The Tunnel at the end of the light.
The only thing wrong with telling the world how you're really feeling on your blog is that the world might actually read it! And then start calling and emailing and texting and telling other people to read your blog etc!
The last couple of days several people have been in touch one way or another expressing their concern.
I'm feeling slightly like a goldfish who put up an "Open House" sign on the side of my bowl!
Today was a bit better again.
I saw the Dr this morning who thinks I have depression.
I'm not so sure although I am sure that I felt worse over the last week than I ever have before.
It's a little chicken and eggish, "Am I depressed and that makes me feel bad about things in my life?" or "Do I feel bad about things in my life and that makes me depressed?"
I'm seeing him again next week, in the meantime he's given me a book to read on the subject. (Should I have told him that reading non-fiction depresses me?) (I must be feeling better, cracking little depression jokes!)
My supervisor has called me a couple of times and strongly encouraged me to take some time off work. She checked and worked out that I have about 15 weeks of unused sick leave so I can afford to take a week off!
My pastor came to see me today because a certain descendent sent him a text asking him to check how I'm going. He had some really good insights and suggestions. Consequently I'll probably go away for a couple of days next week to do some thinking and praying.
A mate rang from Perth.
A brother-in-law rang from Adelaide.
A cyber buddy sent encouraging messages.
My chairperson sent me the words to a wonderful hymn I'd never heard but which really spoke to my situation.

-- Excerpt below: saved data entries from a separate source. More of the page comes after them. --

(* Let $T\in C^{\mathrm{Lip}}_{d-1}(\mathbb{R}^N;\mathbb{Z})$ and let $U\in C^{\mathrm{Lip}}_{d}(\mathbb{R}^N;\mathbb{Z})$ satisfy $\partial U=2T$. Then the reduction $U\bmod 2\in C^{\mathrm{Lip}}_{d}(\mathbb{R}^N;\mathbb{Z}/2)$ is a mod-2 cycle, and \[\mathrm{FV}(T)\le\frac{\mathrm{mass}\,U+\mathrm{NOA}(U\bmod 2)}{2}.\]
   Context: For $\mathbb{K}\in\{\mathbb{Z},\mathbb{Z}/2\}$ (norm: usual absolute value on $\mathbb{Z}$; $|0|=0,|1|=1$ on $\mathbb{Z}/2$), a Lipschitz $d$-chain $A\in C^{\mathrm{Lip}}_d(\mathbb{R}^N;\mathbb{K})$ is a finite formal sum $\sum_i a_i\alpha_i$, $a_i\in\mathbb{K}$, $\alpha_i$ Lipschitz maps from the standard $d$-simplex $\Delta$ into $\mathbb{R}^N$, with the singular boundary operator; $\mathrm{mass}\,A=\sum_i|a_i|\int_\Delta|J_{\alpha_i}|$. $\mathrm{FV}(T)=\inf\{\mathrm{mass}\,V: V\in C^{\mathrm{Lip}}_{d}(\mathbb{R}^N;\mathbb{Z}),\ \partial V=T\}$. For a mod-2 Lipschitz $d$-cycle $A\in C^{\mathrm{Lip}}_d(\mathbb{R}^N;\mathbb{Z}/2)$, a pseudo-orientation of $A$ is an $R\in C^{\mathrm{Lip}}_d(\mathbb{R}^N;\mathbb{Z})$ with $\partial R=0$ and $R\equiv A \pmod 2$; the nonorientability area is $\mathrm{NOA}(A)=\inf\{\mathrm{mass}\,R: R \text{ a pseudo-orientation of } A\}$. *)

From HB Require Import structures.
From mathcomp Require Import all_boot all_order all_algebra.
From mathcomp Require Import all_classical all_reals all_analysis.
Set Implicit Arguments. Unset Strict Implicit. Unset Printing Implicit Defensive.
Import Order.TTheory GRing.Theory Num.Theory.
Import numFieldNormedType.Exports.
Local Open Scope classical_set_scope.
Local Open Scope ring_scope.

Section LipChains.
Variables (R : realType) (N : nat).

(** The standard m-simplex, realized in R^m with vertices 0, e_1, ..., e_m. *)
Definition simplex (m : nat) : set 'rV[R]_m :=
  [set x | (forall i, 0 <= x ord0 i) /\ \sum_i x ord0 i <= 1].
Arguments simplex m : clear implicits.

Definition open_simplex (m : nat) : set 'rV[R]_m :=
  [set x | (forall i, 0 < x ord0 i) /\ \sum_i x ord0 i < 1].
Arguments open_simplex m : clear implicits.

(** Vertex j (j = 0..m) of the standard m-simplex: v_0 = 0, v_j = e_j. *)
Definition vertex (m : nat) (j : 'I_m.+1) : 'rV[R]_m :=
  \row_(l < m) (if (l.+1 == j)%N then 1 else 0).

Definition bary (m : nat) (y : 'rV[R]_m) (k : 'I_m.+1) : R :=
  if (val k == 0)%N then 1 - \sum_j y ord0 j
  else \sum_(j < m | (j.+1 == k)%N) y ord0 j.

(** i-th face map Delta_m -> Delta_{m+1}: the affine map sending the vertices
    of Delta_m, in order, to the vertices of Delta_{m+1} other than the i-th. *)
Definition facemap (m : nat) (i : 'I_m.+2) (y : 'rV[R]_m) : 'rV[R]_m.+1 :=
  \sum_(k < m.+1) bary y k *: vertex (lift i k).

(** A singular m-simplex in R^N is a map Delta_m -> R^N; we represent it by
    a total function normalized to be 0 outside Delta_m, so that equality of
    singular simplices is equality of these functions. *)
Definition smap (m : nat) := 'rV[R]_m -> 'rV[R]_N.

Definition canonical_smap m (s : smap m) : Prop :=
  forall x, ~ simplex m x -> s x = 0.

Definition lipschitz_simplex m (s : smap m) : Prop :=
  canonical_smap s /\
  exists k : R, forall x y, simplex m x -> simplex m y ->
    `|s x - s y| <= k * `|x - y|.

Definition face m (s : smap m.+1) (i : 'I_m.+2) : smap m :=
  fun y => if `[< simplex m y >] then s (facemap i y) else 0.

(** A chain with coefficients in K = finitely supported function on
    singular simplices; a Lipschitz chain is supported on Lipschitz simplices. *)
Definition supp (K : nmodType) m (c : smap m -> K) : set (smap m) :=
  [set s | c s != 0].

Definition lipchain (K : nmodType) m (c : smap m -> K) : Prop :=
  finite_set (supp c) /\ forall s, c s != 0 -> lipschitz_simplex s.

Definition bd (K : pzRingType) m (c : smap m.+1 -> K) : smap m -> K :=
  fun t => \sum_(s \in supp c)
             \sum_(i < m.+2) (((-1) ^+ i * c s) *+ (face s i == t)).

Definition mod2 m (c : smap m -> int) : smap m -> 'Z_2 :=
  fun s => (c s)%:~R.

(** Jacobian |J_s|(x) = sqrt det (Ds(x) Ds(x)^T) (rows = partial derivatives),
    at points of the open simplex where s is differentiable, 0 elsewhere
    (a null set, by Rademacher's theorem, for Lipschitz s). *)
Definition jac m (s : smap m) (x : 'rV[R]_m) : R :=
  let M := \matrix_(j < m) ('d s x (delta_mx ord0 j)) in
  Num.sqrt (\det (M *m M^T)).

Definition jac_integrand m (s : smap m) (x : 'rV[R]_m) : \bar R :=
  if `[< open_simplex m x /\ differentiable s x >] then (jac s x)%:E
  else 0%E.

(** Lebesgue integral of a nonnegative function on R^m, as the iterated
    one-dimensional Lebesgue integral (equal to the m-dimensional Lebesgue
    integral for measurable nonnegative integrands, by Tonelli). *)
Fixpoint iint (m : nat) : ('rV[R]_m -> \bar R) -> \bar R :=
  match m with
  | 0 => fun f => f 0
  | m'.+1 => fun f =>
      (\int[@lebesgue_measure R]_(t in [set: R])
          iint (fun y : 'rV[R]_m' => f (row_mx (t%:M : 'rV[R]_1) y)))%E
  end.

Definition area m (s : smap m) : \bar R := iint (jac_integrand s).

Definition mass m (c : smap m -> int) : \bar R :=
  (\sum_(s \in supp c) ((`|c s|%:~R : R)%:E * area s))%E.

Definition FV m (T : smap m -> int) : \bar R :=
  ereal_inf [set mass V | V in
     [set V : smap m.+1 -> int | lipchain V /\ bd V = T]].

Definition pseudo_orientation m (A : smap m.+1 -> 'Z_2) (P : smap m.+1 -> int)
  : Prop := lipchain P /\ bd P = (fun _ => 0) /\ mod2 P = A.

Definition NOA m (A : smap m.+1 -> 'Z_2) : \bar R :=
  ereal_inf [set mass P | P in [set P | pseudo_orientation A P]].

End LipChains.

From HB Require Import structures.
From mathcomp Require Import all_boot all_order all_algebra.
From mathcomp Require Import all_classical all_reals all_analysis.
From mathcomp Require Import finmap.
Import Order.TTheory GRing.Theory Num.Theory.
Local Open Scope classical_set_scope.
Local Open Scope ring_scope.

Set Implicit Arguments.

(* Reducing [bd U = 2 T] mod 2 shows that [U mod 2] is a cycle. If [P] is any
   pseudo-orientation of [U mod 2], then [U - P] has even coefficients, and
   [W := (U - P) / 2] satisfies [bd W = (bd U - bd P) / 2 = T] and, by the
   triangle inequality on coefficients, [mass W <= (mass U + mass P) / 2].
   Taking the infimum over [P] gives the bound on [FV T]. *)

Section LipChainAlgebra.
Variables (R : realType) (N : nat).

Lemma supp_subU (K : zmodType) m (c1 c2 : smap R N m -> K) :
  supp (fun s => c1 s - c2 s) `<=` supp c1 `|` supp c2.
Proof.
move=> s /= c12; have [c1s|] := eqVneq (c1 s) 0; last by left.
by right; apply: contraNneq c12 => c2s; rewrite c1s c2s subrr.
Qed.

Definition bd_term {K : pzRingType} {m} (c : smap R N m.+1 -> K) t s : K :=
  \sum_(i < m.+2) (((-1) ^+ i * c s) *+ (face s i == t)).

Lemma bd_fsum (K : pzRingType) m (c : smap R N m.+1 -> K) A t :
  finite_set A -> supp c `<=` A ->
  bd c t = \sum_(s <- fset_set A) bd_term c t s.
Proof.
move=> finA cA; rewrite /bd (fsbig_widen (supp c) A) //; first exact: fsbig_finite.
move=> s [_ /negP]; rewrite negbK => /eqP /= cs0.
by apply: big1 => i _; rewrite cs0 mulr0 mul0rn.
Qed.

Lemma bdB (K : pzRingType) m (c1 c2 : smap R N m.+1 -> K) t :
  finite_set (supp c1) -> finite_set (supp c2) ->
  bd (fun s => c1 s - c2 s) t = bd c1 t - bd c2 t.
Proof.
move=> fin1 fin2; have finA : finite_set (supp c1 `|` supp c2) by rewrite finite_setU.
rewrite !(bd_fsum (A := supp c1 `|` supp c2)) //; last exact: supp_subU.
rewrite -sumrB; apply: eq_bigr => s _; rewrite -sumrB; apply: eq_bigr => i _.
by rewrite -mulrnBl mulrBr.
Qed.

Lemma bdMr (K : pzRingType) m (c : smap R N m.+1 -> K) (a : K) t :
  finite_set (supp c) -> bd (fun s => c s * a) t = bd c t * a.
Proof.
move=> finc; have suppM : supp (fun s => c s * a) `<=` supp c.
  by move=> s /=; apply: contra => /eqP ->; rewrite mul0r.
rewrite !(bd_fsum (A := supp c)) // mulr_suml; apply: eq_bigr => s _.
by rewrite mulr_suml; apply: eq_bigr => i _; rewrite mulrnAl mulrA.
Qed.

Lemma bd_rmorph (K L : pzRingType) (f : {rmorphism K -> L}) m
    (c : smap R N m.+1 -> K) t :
  finite_set (supp c) -> bd (f \o c) t = f (bd c t).
Proof.
move=> finc; have suppf : supp (f \o c) `<=` supp c.
  by move=> s; apply: contra => /eqP cs0; rewrite /= cs0 rmorph0.
rewrite !(bd_fsum (A := supp c)) // rmorph_sum; apply: eq_bigr => s _.
rewrite rmorph_sum; apply: eq_bigr => i _.
by rewrite rmorphMn rmorphM rmorphXn rmorphN1.
Qed.

Lemma iint_ge0 m (f : 'rV[R]_m -> \bar R) :
  (forall x, (0 <= f x)%E) -> (0 <= iint f)%E.
Proof.
elim: m f => [|m IH] f f0 /=; first exact: f0.
by apply: integral_ge0 => t _; apply: IH.
Qed.

Lemma area_ge0 m (s : smap R N m) : (0 <= area s)%E.
Proof.
apply: iint_ge0 => x; rewrite /jac_integrand.
by case: ifP => // _; rewrite lee_fin sqrtr_ge0.
Qed.

Lemma mass_fsum m (c : smap R N m -> int) A :
  finite_set A -> supp c `<=` A ->
  mass c = (\sum_(s <- fset_set A) ((`|c s|%:~R : R)%:E * area s))%E.
Proof.
move=> finA cA; rewrite /mass (fsbig_widen (supp c) A) //; first exact: fsbig_finite.
by move=> s [_ /negP]; rewrite negbK => /eqP /= ->; rewrite mul0e.
Qed.

Lemma mass_ge0 m (c : smap R N m -> int) : (0 <= mass c)%E.
Proof.
by apply: fsume_ge0 => s _; rewrite mule_ge0 ?area_ge0 // lee_fin ler0z.
Qed.

Lemma massMz m (c : smap R N m -> int) (k : int) :
  finite_set (supp c) -> mass (fun s => c s * k) = (mass c * (`|k|%:~R)%:E)%E.
Proof.
move=> finc; have suppM : supp (fun s => c s * k) `<=` supp c.
  by move=> s /=; apply: contra => /eqP ->; rewrite mul0r.
rewrite !(mass_fsum (A := supp c)) // ge0_sume_distrl; last first.
  by move=> s _; rewrite mule_ge0 ?area_ge0 // lee_fin ler0z.
apply: eq_bigr => s _.
by rewrite muleAC -EFinM normrM intrM.
Qed.

Lemma massB_le m (c1 c2 : smap R N m -> int) :
  finite_set (supp c1) -> finite_set (supp c2) ->
  (mass (fun s => (c1 s - c2 s)%R) <= mass c1 + mass c2)%E.
Proof.
move=> fin1 fin2; have finA : finite_set (supp c1 `|` supp c2) by rewrite finite_setU.
rewrite !(mass_fsum (A := supp c1 `|` supp c2)) //; last exact: supp_subU.
rewrite -big_split /=; apply: lee_sum => s _.
rewrite -ge0_muleDl ?lee_fin ?ler0z // lee_wpmul2r ?area_ge0 //.
by rewrite -EFinD lee_fin -intrD ler_int ler_normB.
Qed.

End LipChainAlgebra.

Lemma intr_Z2_eq0 (z : int) : ((z%:~R : 'Z_2) == 0) = (2 %| z)%Z.
Proof.
have two0 : (2%:~R : 'Z_2) = 0 by rewrite -pmulrn; exact: pchar_Zp.
rewrite {1}(divz_eq z 2) intrD intrM two0 mulr0 add0r -(sameP eqP dvdz_mod0P).
by case: (z %% 2)%Z (modz_ge0 z (isT : 2%:Z != 0)) (ltz_pmod z (isT : 0 < 2%:Z))
  => [[|[|k]]|k].
Qed.

Lemma lee_ereal_inf_addMr (R : realType) (S : set \bar R) (a b : \bar R) (r : R) :
  (0 < r)%R -> (0 <= b)%E -> (forall y, S y -> 0 <= y)%E ->
  (forall y, S y -> a <= (b + y) * (r^-1)%:E)%E ->
  (a <= (b + ereal_inf S) * (r^-1)%:E)%E.
Proof.
move=> r0 b0 S0 aS; rewrite lee_pdivlMr //.
case: b b0 aS => [b| |] // _ aS.
  rewrite -leeBlDl //; apply/ereal_infP => y Sy.
  by rewrite leeBlDl // -lee_pdivlMr //; exact: aS.
have inf0 : (0 <= ereal_inf S)%E by apply/ereal_infP.
by rewrite addye ?leey // gt_eqF // (lt_le_trans _ inf0) ?ltNy0.
Qed.

Section EvenBoundary.
Variables (R : realType) (N n : nat) (T : smap R N n -> int) (U : smap R N n.+1 -> int).
Hypotheses (lipU : lipchain U) (bdU : bd U = (fun t => 2 * T t)).

Lemma mod2_even_bd_cycle : bd (mod2 U) = (fun _ => 0).
Proof.
apply: funext => t; have bdUt : bd U t = 2 * T t by rewrite bdU.
change (bd ((intr : int -> 'Z_2) \o U) t = 0).
rewrite bd_rmorph; last exact: lipU.1.
by rewrite bdUt; apply/eqP; rewrite /= intr_Z2_eq0 dvdz_mulr.
Qed.

Lemma FV_le_mass_pseudo_orientation P :
  pseudo_orientation (mod2 U) P -> (FV T <= (mass U + mass P) * (2^-1)%:E)%E.
Proof.
move=> [lipP [bdP modP]].
have two_dvd s : (2 %| U s - P s)%Z.
  by rewrite -intr_Z2_eq0 intrB -[(P s)%:~R]/(mod2 P s) modP subrr.
pose W s := ((U s - P s) %/ 2)%Z.
have WE : (fun s => W s * 2) = (fun s => U s - P s).
  by apply: funext => s; exact: divzK.
have suppW : supp W `<=` supp U `|` supp P.
  move=> s Ws; apply: supp_subU; apply: contra Ws => /eqP UPs0.
  by rewrite /W UPs0 div0z.
have finW : finite_set (supp W).
  apply: sub_finite_set suppW _.
  by rewrite finite_setU; split; [exact: lipU.1|exact: lipP.1].
have bdW : bd W = T.
  apply: funext => t; apply: (mulIf (isT : 2%:Z != 0)).
  have [bdUt bdPt] : bd U t = 2 * T t /\ bd P t = 0 by rewrite bdU bdP.
  rewrite -bdMr // WE bdB; [|exact: lipU.1|exact: lipP.1].
  by rewrite bdUt bdPt subr0 mulrC.
have lipW : lipchain W.
  by split=> // s /suppW [Us|Ps]; [exact: lipU.2|exact: lipP.2].
apply: (@le_trans _ _ (mass W)); first by apply: ereal_inf_lbound; exists W.
rewrite lee_pdivlMr // (_ : 2%R = `|2%:Z|%:~R) // -massMz // WE.
by apply: massB_le; [exact: lipU.1|exact: lipP.1].
Qed.

End EvenBoundary.

Theorem lemma1p2 (R : realType) (N n : nat)
  (T : smap R N n -> int) (U : smap R N n.+1 -> int) :
  lipchain T -> lipchain U ->
  bd U = (fun t => 2 * T t) ->
  bd (mod2 U) = (fun _ => 0) /\
  (FV T <= (mass U + NOA (mod2 U)) * (2^-1)%:E)%E.
Proof.
move=> _ lipU bdU; split; first exact: mod2_even_bd_cycle bdU.
apply: lee_ereal_inf_addMr; [by []|exact: mass_ge0| |].
  by move=> _ [P _ <-]; exact: mass_ge0.
by move=> _ [P PU <-]; exact: FV_le_mass_pseudo_orientation PU.
Qed.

It's all happening here folks!!
What's really interesting is how many people have commented that they know how I feel or that they've been through something similar. I know depression is increasing but it is quite amazing to hear how many people have been affected by it.
As I said, I don't know if I have depression or not, sitting here now it doesn't seem like it to me, but in reading the literature I was putting lots of mental ticks against things described as signs and symptons.
Taking some time off will be helpful, if for no other reason than it will give me some time to think and sort through things and try to find solutions to some of the things that are consistent stumbling blocks for me.
I need to get it sorted out before the footy season starts and following Geelong sends me into another tail-spin nose-dive!!!
I feel an odd mixture of feelings, gratitude for people's concern and embarrassment at all the attention.
A few more pics from Sculptures by the Sea.I found out today that my mate Cameron's cousin made this "Sea Anenome" sculpture, along with 2 other similar ones that are part of the exhibition. Very cool!